Это все отпуск. Свободное время не идет ей на пользу. Нужно будет обязательно сказать об этом Хлебникову. Если хочет заботиться о ней, то пусть загружает ее работой как можно больше. Тогда ей не будут приходить глупые мысли в голову. Не придется слоняться по опустевшей квартире и ловить каждый шорох. Мила огляделась, словно видела все впервые. Кажется, все та же обстановка. Не хватает чего-то едва уловимого, мелочей, которые покинули этот дом вместе со своим хозяином, а теперь вместо них образовались пустоты, привлекающие внимание Милы. Оставалось надеяться, что скоро ощущение пройдет, нужно просто подождать. Мила поднялась и подошла к столу. Провела кончиками пальцев по его полированной поверхности. Компьютер сиротливо смотрел на нее темным, запыленным экраном. Теперь здесь нет того беспорядка, который всегда устраивал муж. Бесконечные рукописи, научные рефераты, рецензии, статьи – Максим купался в них, испытывая непонятное для Милы удовольствие от длинных формул.

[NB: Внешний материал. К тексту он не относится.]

Lemma prime_directed J : prime_ideal J -> directed J.
Proof.
move=> primeJ; split; first by exists \bot; apply: prime_ideal0.
move=> x y Jx Jy; exists (x `|` y); first exact: prime_idealU.
by rewrite leUl leUr.
Qed.

Lemma directed1 x : directed (eq x).
Proof. by split=> [|_ _ <- <-]; exists x; rewrite ?lexx. Qed.

Section MaximalIdeal.
Variables (X : L -> Prop) (a : L).

Definition avoiding Y : Prop := [/\ lattice_ideal Y, X ⊆ Y & ~ Y a].

Lemma bigcup_avoiding (F : set (set L)) :
  (forall Y, F Y -> (forall y, ~ Y y) \/ avoiding Y) -> total_on F subset ->
  forall Y0 y0, F Y0 -> Y0 y0 -> avoiding (\bigcup_(Y in F) Y)%classic.
Proof.
move=> FP Ftot Y0 y0 FY0 Y0y0.
have avF Y y : F Y -> Y y -> avoiding Y by move=> FY Yy; case: (FP Y FY) => // /(_ y).
have [[Y0bot _ _] XY0 _] := avF Y0 y0 FY0 Y0y0.
split; [split | by move=> x /XY0; exists Y0 | ].
- by exists Y0.
- move=> x y [Y FY Yy] le_xy; exists Y => //.
  by case: (avF Y y FY Yy) => -[_ Ydown _] _ _; apply: Ydown Yy le_xy.
- move=> x y [Y FY Yx] [Y' FY' Y'y].
  have [YY'|Y'Y] := Ftot Y Y' FY FY'.
    exists Y' => //; case: (avF Y' y FY' Y'y) => -[_ _ Y'U] _ _.
    by apply: Y'U => //; apply: YY'.
  exists Y => //; case: (avF Y x FY Yx) => -[_ _ YU] _ _.
  by apply: YU => //; apply: Y'Y.
- by case=> Y FY Ya; case: (avF Y a FY Ya) => _ _; apply.
Qed.

Lemma ex_maximal_avoiding : avoiding X ->
  exists2 M, avoiding M & forall N, avoiding N -> M ⊆ N -> N ⊆ M.
Proof.
move=> avX.
(* The empty set is admitted so that the empty chain has an upper bound. *)
pose P (Y : set L) := (forall y, ~ Y y) \/ avoiding Y.
have [M [PM maxM]] : exists M, P M /\ forall N, (M `<` N)%classic -> ~ P N.
  apply: Zorn_bigcup => F FP Ftot.
  have [[Y0 [y0 FY0 Y0y0]]|noF] := pselect (exists Y, exists2 y, F Y & Y y).
    by right; apply: bigcup_avoiding FP Ftot Y0 y0 FY0 Y0y0.
  by left=> y [Y FY Yy]; apply: noF; exists Y, y.
have avM : avoiding M.
  case: PM => // M0; have [[X0 _ _] _ _] := avX.
  exfalso; apply: (maxM X); last by right.
  by split=> [y /M0 // | XM]; apply: (M0 \bot); apply: XM.
exists M => // N avN MN; apply: contrapT => NM.
by apply: (maxM N); [split | right].
Qed.

End MaximalIdeal.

– В них музыка, – любил говорить Смыслов, с восторгом всматриваясь в знаки, кажущиеся Миле языком инопланетных существ. Серые глаза Максима сияли. – Это музыка, самая настоящая, не имеющая конца. Как любовь…

Милу поражало умение мужа сравнивать несравнимое. Она редко вступала с ним в спор, потому что Максим не давал ей такой возможности.

– Это не тема для дискуссии. Математика – музыка, телевидение – наркотик. Как тебе?

– Ничего себе! – возмущалась Мила, но в глазах мужа плясали веселые огоньки.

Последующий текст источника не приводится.